[Saved entries]
——————

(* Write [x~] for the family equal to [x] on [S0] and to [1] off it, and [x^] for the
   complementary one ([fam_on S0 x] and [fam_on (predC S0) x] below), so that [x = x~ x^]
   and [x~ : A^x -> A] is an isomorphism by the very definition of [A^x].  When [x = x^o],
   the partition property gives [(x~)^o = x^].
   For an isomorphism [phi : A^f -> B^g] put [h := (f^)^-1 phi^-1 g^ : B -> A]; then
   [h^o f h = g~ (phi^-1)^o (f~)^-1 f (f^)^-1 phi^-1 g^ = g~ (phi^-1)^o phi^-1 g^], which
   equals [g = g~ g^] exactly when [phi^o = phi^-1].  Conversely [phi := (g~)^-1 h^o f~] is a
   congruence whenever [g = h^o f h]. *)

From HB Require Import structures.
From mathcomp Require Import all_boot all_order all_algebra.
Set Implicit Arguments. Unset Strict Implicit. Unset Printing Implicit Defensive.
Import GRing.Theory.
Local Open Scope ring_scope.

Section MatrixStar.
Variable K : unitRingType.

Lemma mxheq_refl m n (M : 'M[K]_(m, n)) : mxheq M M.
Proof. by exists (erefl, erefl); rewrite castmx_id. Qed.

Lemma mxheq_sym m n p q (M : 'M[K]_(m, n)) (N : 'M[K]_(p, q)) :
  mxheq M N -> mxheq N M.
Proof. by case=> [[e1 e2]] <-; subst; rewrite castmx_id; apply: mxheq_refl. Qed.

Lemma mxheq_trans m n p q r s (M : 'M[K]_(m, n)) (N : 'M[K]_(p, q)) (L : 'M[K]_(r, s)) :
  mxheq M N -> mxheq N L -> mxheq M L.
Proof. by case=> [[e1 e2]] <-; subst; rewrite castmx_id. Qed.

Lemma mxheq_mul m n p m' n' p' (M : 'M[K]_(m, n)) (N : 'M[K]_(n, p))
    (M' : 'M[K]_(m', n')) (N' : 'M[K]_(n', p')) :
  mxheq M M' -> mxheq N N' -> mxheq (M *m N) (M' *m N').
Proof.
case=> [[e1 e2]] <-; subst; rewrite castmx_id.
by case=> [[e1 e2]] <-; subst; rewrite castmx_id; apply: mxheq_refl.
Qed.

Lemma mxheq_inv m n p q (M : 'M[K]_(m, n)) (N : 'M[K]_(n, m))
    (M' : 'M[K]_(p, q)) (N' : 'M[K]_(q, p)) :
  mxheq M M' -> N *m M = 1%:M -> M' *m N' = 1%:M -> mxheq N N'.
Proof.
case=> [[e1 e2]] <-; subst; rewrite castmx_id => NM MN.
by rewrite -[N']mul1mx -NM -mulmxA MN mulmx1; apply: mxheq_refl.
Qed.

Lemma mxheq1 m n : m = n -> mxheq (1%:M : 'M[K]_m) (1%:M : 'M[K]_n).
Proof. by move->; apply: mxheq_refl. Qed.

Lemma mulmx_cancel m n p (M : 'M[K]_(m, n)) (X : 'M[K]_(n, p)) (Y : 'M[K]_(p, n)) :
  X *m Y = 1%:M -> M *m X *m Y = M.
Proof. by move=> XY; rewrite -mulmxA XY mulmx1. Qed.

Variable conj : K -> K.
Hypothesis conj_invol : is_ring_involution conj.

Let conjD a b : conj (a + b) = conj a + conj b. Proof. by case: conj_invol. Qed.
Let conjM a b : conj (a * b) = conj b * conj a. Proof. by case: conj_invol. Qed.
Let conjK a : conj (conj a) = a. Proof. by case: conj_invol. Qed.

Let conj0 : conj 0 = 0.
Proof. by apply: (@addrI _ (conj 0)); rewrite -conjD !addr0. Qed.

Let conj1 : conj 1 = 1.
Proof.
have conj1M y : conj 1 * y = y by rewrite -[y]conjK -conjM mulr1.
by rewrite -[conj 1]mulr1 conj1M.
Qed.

——————

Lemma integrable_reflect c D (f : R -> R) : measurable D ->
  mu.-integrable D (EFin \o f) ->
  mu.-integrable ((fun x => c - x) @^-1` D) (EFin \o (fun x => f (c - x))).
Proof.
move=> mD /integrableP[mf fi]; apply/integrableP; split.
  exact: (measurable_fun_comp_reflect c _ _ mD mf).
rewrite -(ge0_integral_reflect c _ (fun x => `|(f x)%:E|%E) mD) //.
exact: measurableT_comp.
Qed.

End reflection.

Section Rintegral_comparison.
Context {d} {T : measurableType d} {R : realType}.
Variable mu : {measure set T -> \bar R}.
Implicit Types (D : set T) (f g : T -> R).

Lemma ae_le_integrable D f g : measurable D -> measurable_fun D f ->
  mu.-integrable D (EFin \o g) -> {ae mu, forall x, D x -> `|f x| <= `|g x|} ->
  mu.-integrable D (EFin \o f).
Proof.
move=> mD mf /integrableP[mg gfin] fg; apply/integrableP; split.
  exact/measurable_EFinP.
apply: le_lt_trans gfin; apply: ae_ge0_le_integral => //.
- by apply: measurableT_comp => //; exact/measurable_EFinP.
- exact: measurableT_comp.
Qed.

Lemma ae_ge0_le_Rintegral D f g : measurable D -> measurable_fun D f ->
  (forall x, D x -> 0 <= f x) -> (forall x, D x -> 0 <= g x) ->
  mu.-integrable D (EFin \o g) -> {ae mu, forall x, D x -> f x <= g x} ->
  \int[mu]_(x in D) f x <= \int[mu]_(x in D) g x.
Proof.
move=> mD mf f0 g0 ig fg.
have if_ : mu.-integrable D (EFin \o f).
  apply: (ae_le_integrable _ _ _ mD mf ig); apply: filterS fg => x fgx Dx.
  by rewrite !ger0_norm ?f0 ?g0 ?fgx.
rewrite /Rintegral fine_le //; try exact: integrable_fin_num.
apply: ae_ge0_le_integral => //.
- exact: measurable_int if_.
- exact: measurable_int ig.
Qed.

——————

[Problem to work on] Above are some records. Copy each of their lines that holds the string "subst".

[Task output]
Proof. by case=> [[e1 e2]] <-; subst; rewrite castmx_id; apply: mxheq_refl. Qed.
Proof. by case=> [[e1 e2]] <-; subst; rewrite castmx_id. Qed.
case=> [[e1 e2]] <-; subst; rewrite castmx_id.
by case=> [[e1 e2]] <-; subst; rewrite castmx_id; apply: mxheq_refl.
case=> [[e1 e2]] <-; subst; rewrite castmx_id => NM MN.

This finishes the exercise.